Spatial Regression

Definition

Spatial regression models quantify relationships between variables while accounting for spatial dependence and heterogeneity. Common forms are spatial lag models (SLM), where neighboring outcomes influence each other; spatial error models (SEM), where autocorrelated errors capture omitted spatial effects; and geographically weighted regression (GWR), which allows coefficients to vary across space. Model choice depends on theory, diagnostics (Moran’s I of residuals), and the nature of the spatial process.

Application

Urban economics links prices to amenities, transport, and zoning; public health relates disease rates to environment and access; ecology ties species richness to climate and habitat. Practitioners use spatial regression to avoid biased estimates and to reveal place-specific sensitivities that inform tailored policies.

FAQ

How do you decide between SLM and SEM?

If theory suggests true interaction among units (spillovers), SLM fits; if missing variables create spatially structured errors, SEM is appropriate. Hausman-type tests and Lagrange multipliers guide the choice.

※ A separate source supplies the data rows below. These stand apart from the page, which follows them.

(* Let $H$ be an ASC-hypergraph, $Y\in H$, $Z=\bigcup H\setminus Y$, and let $K$ and $J$ be constructions of $H_Y$ and ${}_Z H$ respectively. Then the continuation $K\ast J=K\cup\{X\cup_H Y\mid X\in J\}$ is a construction of $H$.
   Context: A hypergraph is a finite set $H$ of nonempty subsets of some finite set; its carrier is $\bigcup H$. For a family $F$ and set $Y$, $F_Y=\{X\in F\mid X\subseteq Y\}$, and ${}_Z F=\{X\cap Z\mid X\in F,\ X\cap Z\neq\emptyset\}$. For $X\subseteq\bigcup H$, $X\cup_H Y=X\cup Y$ if $X\cup Y\in H$, and $X\cup_H Y=X$ otherwise. A hypergraph partition of $H$ is a partition $\{H_1,\dots,H_n\}$ ($n\ge0$) of the set $H$ with $\{\bigcup H_1,\dots,\bigcup H_n\}$ a partition of $\bigcup H$; $H$ is connected if it has exactly one hypergraph partition; the finest hypergraph partition is the unique one whose blocks are connected. $H$ is atomic if $\{x\}\in H$ for all $x\in\bigcup H$; saturated if $X_1,X_2\in H$ with $X_1\cap X_2\neq\emptyset$ imply $X_1\cup X_2\in H$. An ASC-hypergraph is one that is atomic, saturated and connected (for such $H$, $H_Y$ and ${}_Z H$ are ASC-hypergraphs). Constructions of an atomic $H$, by induction on $|\bigcup H|$: (0) $\emptyset$ is the only construction of $\emptyset$; (1) if $|\bigcup H|\ge1$, $H$ connected, $x\in\bigcup H$, $K$ a construction of $H_{\bigcup H\setminus\{x\}}$, then $K\cup\{\bigcup H\}$ is a construction of $H$; (2) if $H$ is not connected with finest hypergraph partition $\{H_1,\dots,H_n\}$, $n\ge2$, and $K_i$ is a construction of $H_i$, then $K_1\cup\dots\cup K_n$ is a construction of $H$. *)

From mathcomp Require Import all_boot.
Set Implicit Arguments. Unset Strict Implicit. Unset Printing Implicit Defensive.

Section Hyper.
Variable T : finType.
Implicit Types (H F : {set {set T}}) (X Y Z : {set T}).

Definition hypergraph H : Prop := set0 \notin H.

Definition carrier H : {set T} := \bigcup_(X in H) X.

Definition restr F Y : {set {set T}} := [set X in F | X \subset Y].

Definition trace Z F : {set {set T}} :=
  [set X :&: Z | X in [set X in F | X :&: Z != set0]].

Definition cupH H X Y : {set T} := if X :|: Y \in H then X :|: Y else X.

(* hypergraph partition {H_1,...,H_n} of H: a partition of the set H (blocks
   nonempty, pairwise disjoint, covering H) such that the carriers of the
   blocks form a partition of the carrier of H (distinct blocks have disjoint
   carriers; they cover carrier H since the blocks cover H). *)
Definition hpartition H (P : {set {set {set T}}}) : Prop :=
  partition P H /\
  (forall Hi Hj, Hi \in P -> Hj \in P -> Hi != Hj ->
     [disjoint carrier Hi & carrier Hj]).

Definition connected H : Prop :=
  exists P, hpartition H P /\ forall Q, hpartition H Q -> Q = P.

Definition finest_hpartition H (P : {set {set {set T}}}) : Prop :=
  hpartition H P /\ forall Hi, Hi \in P -> connected Hi.

Definition atomic H : Prop := forall x, x \in carrier H -> [set x] \in H.

Definition saturated H : Prop :=
  forall X1 X2, X1 \in H -> X2 \in H -> X1 :&: X2 != set0 -> X1 :|: X2 \in H.

Definition ASC H : Prop := hypergraph H /\ atomic H /\ saturated H /\ connected H.

Inductive construction : {set {set T}} -> {set {set T}} -> Prop :=
| constr0 : construction set0 set0
| constr1 : forall H x K,
    atomic H -> connected H -> x \in carrier H ->
    construction (restr H (carrier H :\ x)) K ->
    construction H (K :|: [set carrier H])
| constr2 : forall H (P : {set {set {set T}}}) (f : {set {set T}} -> {set {set T}}),
    atomic H -> ~ connected H -> finest_hpartition H P -> 2 <= #|P| ->
    (forall Hi, Hi \in P -> construction Hi (f Hi)) ->
    construction H (\bigcup_(Hi in P) f Hi).

End Hyper.

(* Induction on the size of the carrier V of a saturated atomic hypergraph H.  If V is not an edge, H is the
   disjoint union of its components H_M, M ranging over the maximal edges, and the
   trace of H on Z = V \ Y decomposes along the traces M \ Y of these edges.  A
   construction of that trace thus splits into constructions of the traces of the
   components, and the continuation is assembled component by component: the
   induction hypothesis applies to the component containing Y, while on every other
   component X \cup_H Y = X, because X \cup Y is never an edge.  If V is an edge
   and Z is not empty, the trace on Z is connected with carrier Z, so J = J' \cup {Z}
   with J' a construction of its restriction to Z \ {z}.  That restriction is the
   trace of H_(V \ {z}), so induction on H_(V \ {z}) followed by rule (1) at the
   point z yields K * J, the new edge V being Z \cup_H Y. *)

From mathcomp Require Import all_boot.
Set Implicit Arguments. Unset Strict Implicit. Unset Printing Implicit Defensive.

What pitfalls accompany GWR?

Overfitting and multiple testing risks; results can be unstable where data are sparse. Use cross-validation to choose bandwidths, map diagnostics, and compare with hierarchical models as a check.

How should the spatial weights matrix be constructed?

Reflect true interaction pathways (contiguity, k-nearest neighbors, distance decay). Sensitivity to weights should be reported; arbitrary choices can change conclusions.

How do you interpret coefficients when variables are collinear and spatially autocorrelated?

Assess variance inflation, consider dimension reduction, and prefer models grounded in theory; report uncertainty honestly and avoid causal claims beyond the design.